Lemma open_setI (I : finType) (W1 W2 : set (I -> R)) :
  open_set W1 -> open_set W2 -> open_set (W1 `&` W2).
Proof.
move=> W1_open W2_open a [/W1_open [r1 [r1_gt0 H1]] /W2_open [r2 [r2_gt0 H2]]].
exists (Num.min r1 r2); split; first by rewrite lt_min r1_gt0 r2_gt0.
by move=> x xa; split; [apply: H1 (box_minl xa) | apply: H2 (box_minr xa)].
Qed.

Lemma continuous_on1_coord (I : finType) (A : set (I -> R)) i :
  continuous_on1 A (fun x => x i).
Proof. by move=> a _ eps eps_gt0; exists eps; split => // x _; apply. Qed.

Lemma continuous_on1_lin (I : finType) (A : set (I -> R)) f g (k : R) :
  continuous_on1 A f -> continuous_on1 A g -> continuous_on1 A (fun x => f x + k * g x).
Proof.
move=> f_cont g_cont a Aa eps eps_gt0.
have k1_gt0 : 0 < `|k| + 1 by apply: ltr_wpDl.
have eps'_gt0 : 0 < eps / 2 / (`|k| + 1) by rewrite !divr_gt0.
have [d1 [d1_gt0 H1]] := f_cont a Aa _ eps'_gt0.
have [d2 [d2_gt0 H2]] := g_cont a Aa _ eps'_gt0.
exists (Num.min d1 d2); split => [|x Ax xa]; first by rewrite lt_min d1_gt0.
have -> : f x + k * g x - (f a + k * g a) = (f x - f a) + k * (g x - g a).
  by rewrite mulrBr addrACA opprD.
apply: le_lt_trans (ler_normD _ _) _; rewrite normrM [eps]splitr.
have eps'_le : eps / 2 / (`|k| + 1) <= eps / 2.
  by rewrite ler_pdivrMr //; apply: ler_peMr; [apply: ltW; rewrite divr_gt0 | apply: ler_wpDl].
apply: ltr_leD; first exact: lt_le_trans (H1 x Ax (box_minl xa)) eps'_le.
apply: (@le_trans _ _ ((`|k| + 1) * (eps / 2 / (`|k| + 1)))).
  by apply: ler_pM => //; [rewrite lerDl | apply/ltW/(H2 x Ax (box_minr xa))].
by rewrite mulrC divfK ?gt_eqF.
Qed.

Lemma continuous_on1_comp (I I0 : finType) (A : set (I -> R)) (B : set (I0 -> R)) f rho :
  continuous_on1 B f -> continuous_on A rho -> (forall x, A x -> B (rho x)) ->
  continuous_on1 A (fun x => f (rho x)).
Proof.
move=> f_cont rho_cont AB a Aa eps eps_gt0.
have [d [d_gt0 Hd]] := f_cont (rho a) (AB a Aa) eps eps_gt0.
have [d' [d'_gt0 Hd']] := rho_cont a Aa d d_gt0.
by exists d'; split => // x Ax xa; apply: Hd; [apply: AB | move=> j; apply: Hd'].
Qed.

Definition locally_subst (I I0 : finType) (D : set (I -> R)) (rho : (I -> R) -> I0 -> R) :=
  forall a, D a -> exists r, 0 < r /\ exists s kap, forall x, box x a r -> rho x = substv s kap x.

Section LocallySubst.
Variables (I I0 : finType) (D : set (I -> R)) (rho : (I -> R) -> I0 -> R).
Hypothesis rho_loc : locally_subst D rho.

Lemma continuous_on_locally_subst (A : set (I -> R)) : A `<=` D -> continuous_on A rho.
Proof.
move=> AD; apply/continuous_onP => i0 a /AD Da eps eps_gt0.
have [r [r_gt0 [s [kap rhoE]]]] := rho_loc Da.
exists (Num.min r eps); split => [|x _ xa]; first by rewrite lt_min r_gt0.
rewrite (rhoE x (box_minl xa)) (rhoE a (box_center _ r_gt0)) /substv.
by case: (s i0) => [j|]; [apply: (box_minr xa j) | rewrite subrr normr0].
Qed.

Lemma analytic_at_comp_locally_subst (F : (I0 -> R) -> R) a :
  D a -> analytic_at F (rho a) -> analytic_at (fun x => F (rho x)) a.
Proof.
move=> Da F_an; have [r [r_gt0 [s [kap rhoE]]]] := rho_loc Da.
apply: (analytic_at_eq_near r_gt0 (f := fun x => F (substv s kap x))).
  by move=> x xa; rewrite rhoE.
by apply: analytic_at_subst; rewrite -(rhoE a (box_center _ r_gt0)).
Qed.

Lemma open_locally_subst_preimage (W : set (I0 -> R)) :
  open_set D -> open_set W -> open_set (D `&` rho @^-1` W).
Proof.
move=> D_open W_open a [Da Wa].
have [r1 [r1_gt0 H1]] := D_open a Da.
have [r2 [r2_gt0 [s [kap rhoE]]]] := rho_loc Da.
have [r3 [r3_gt0 H3]] := W_open _ Wa.
exists (Num.min r1 (Num.min r2 r3)); split; first by rewrite !lt_min r1_gt0 r2_gt0.
move=> x xa; split; first exact: H1 (box_minl xa).
rewrite /preimage /= rhoE; last exact: box_minl (box_minr xa).
apply: H3 => i0; rewrite (rhoE a (box_center _ r2_gt0)) /substv.
by case: (s i0) => [j|]; [apply: (box_minr (box_minr xa) j) | rewrite subrr normr0].
Qed.

Lemma restr_analytic1_comp (A : set (I -> R)) (B : set (I0 -> R)) f :
  open_set D -> A `<=` D -> (forall x, A x -> B (rho x)) ->
  restr_analytic1 B f -> restr_analytic1 A (fun x => f (rho x)).
Proof.
move=> D_open AD AB [W [F [BW W_open F_an FE]]].
exists (D `&` rho @^-1` W), (fun x => F (rho x)); split.
- by move=> x Ax; split; [apply: AD | apply/BW/AB].
- exact: open_locally_subst_preimage.
- by move=> a [Da Wa]; apply: analytic_at_comp_locally_subst (F_an _ Wa).
- by move=> x Ax; rewrite FE //; apply: AB.
Qed.
Lemma trace_ann_zero_cl (N : lmodType R) x :
  trace_SL S x -> annihilator (zero_cl S (N:=N)) x.
Proof.
move=> [k [r [f [s [hs ->]]]]] u hu; rewrite scaler_suml big1 // => i _.
have hb : bilinear_map (fun (l : L) (v : N) => (f i l : R) *: v).
  split=> [a l1 l2 v | a l v1 v2]; first by rewrite linearP scalerDl scalerA.
  by rewrite scalerDr !scalerA mulrC.
by rewrite -scalerA (hu _ (hs i) _ _ hb) scaler0.
Qed.

Hypotheses (hnoeth : noetherian R) (hloc : local_ring R) (hcompl : madic_complete R).
Variables (E : lmodType R) (e0 : E).
Hypothesis hE : injective_hull_of_residue e0.

Lemma zero_cl_of_ann_trace n (u : E) : mtorsion n u ->
  (forall t, trace_SL S t -> t *: u = 0) -> zero_cl S u.
Proof.
move=> hu htr s hs M b [hbl hbr]; apply: contrapT => /eqP hbsu.
have [pi hpi] := hull_cogenerator hE hbsu.
have hlinl v : linear (fun l => pi (b l v)) by move=> a l1 l2; rewrite hbl linearP.
have hlinr l : linear (fun v => pi (b l v)) by move=> a v1 v2; rewrite hbr linearP.
have [g hg] := bilinear_scalar hnoeth hloc hcompl hE hlinl hlinr.
move: (e0_neq0 hE); rewrite -hpi (hg s n u hu) htr ?scale0r ?eqxx //.
exact: trace_gen.
Qed.

End Trace.

Theorem theorem7p19 (R : comUnitRingType)
  (hnoeth : noetherian R) (hloc : local_ring R) (hcompl : madic_complete R)
  (E : lmodType R) (e0 : E) (hE : injective_hull_of_residue e0)
  (L : lmodType R) (S : L -> Prop) :
  forall x : R, trace_SL S x <-> annihilator (zero_cl S (N:=E)) x.
Proof.
move=> x; split; first exact: trace_ann_zero_cl.
move=> hx; apply: contrapT => hnx.
have [n hn] : exists n, ~ ideal_add (trace_SL S) (mpow n) x.
  by apply/existsNP => hall; apply/hnx/(krull_intersection hnoeth hloc (trace_ideal S) hall).
have [u [hKu hxu]] := hull_separates hE (ideal_add_ideal (trace_ideal S) (mpow_ideal R n)) hn.
have hu : mtorsion n u by move=> a ha; apply/hKu/(ideal_addr (trace_ideal S) ha).
have htr t : trace_SL S t -> t *: u = 0.
  by move=> ht; apply/hKu/(ideal_addl (mpow_ideal R n) ht).
move: (e0_neq0 hE); rewrite -hxu hx ?eqxx //.
exact: (zero_cl_of_ann_trace hnoeth hloc hcompl hE hu htr).
Qed.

___

### [Task requirements]
Taking the entries above, print exactly the lines starting at the line with "have hlinl v" and ending at the line with "have [g hg]", both included.

### [Worked solution]
have hlinl v : linear (fun l => pi (b l v)) by move=> a l1 l2; rewrite hbl linearP.
have hlinr l : linear (fun v => pi (b l v)) by move=> a v1 v2; rewrite hbr linearP.
have [g hg] := bilinear_scalar hnoeth hloc hcompl hE hlinl hlinr.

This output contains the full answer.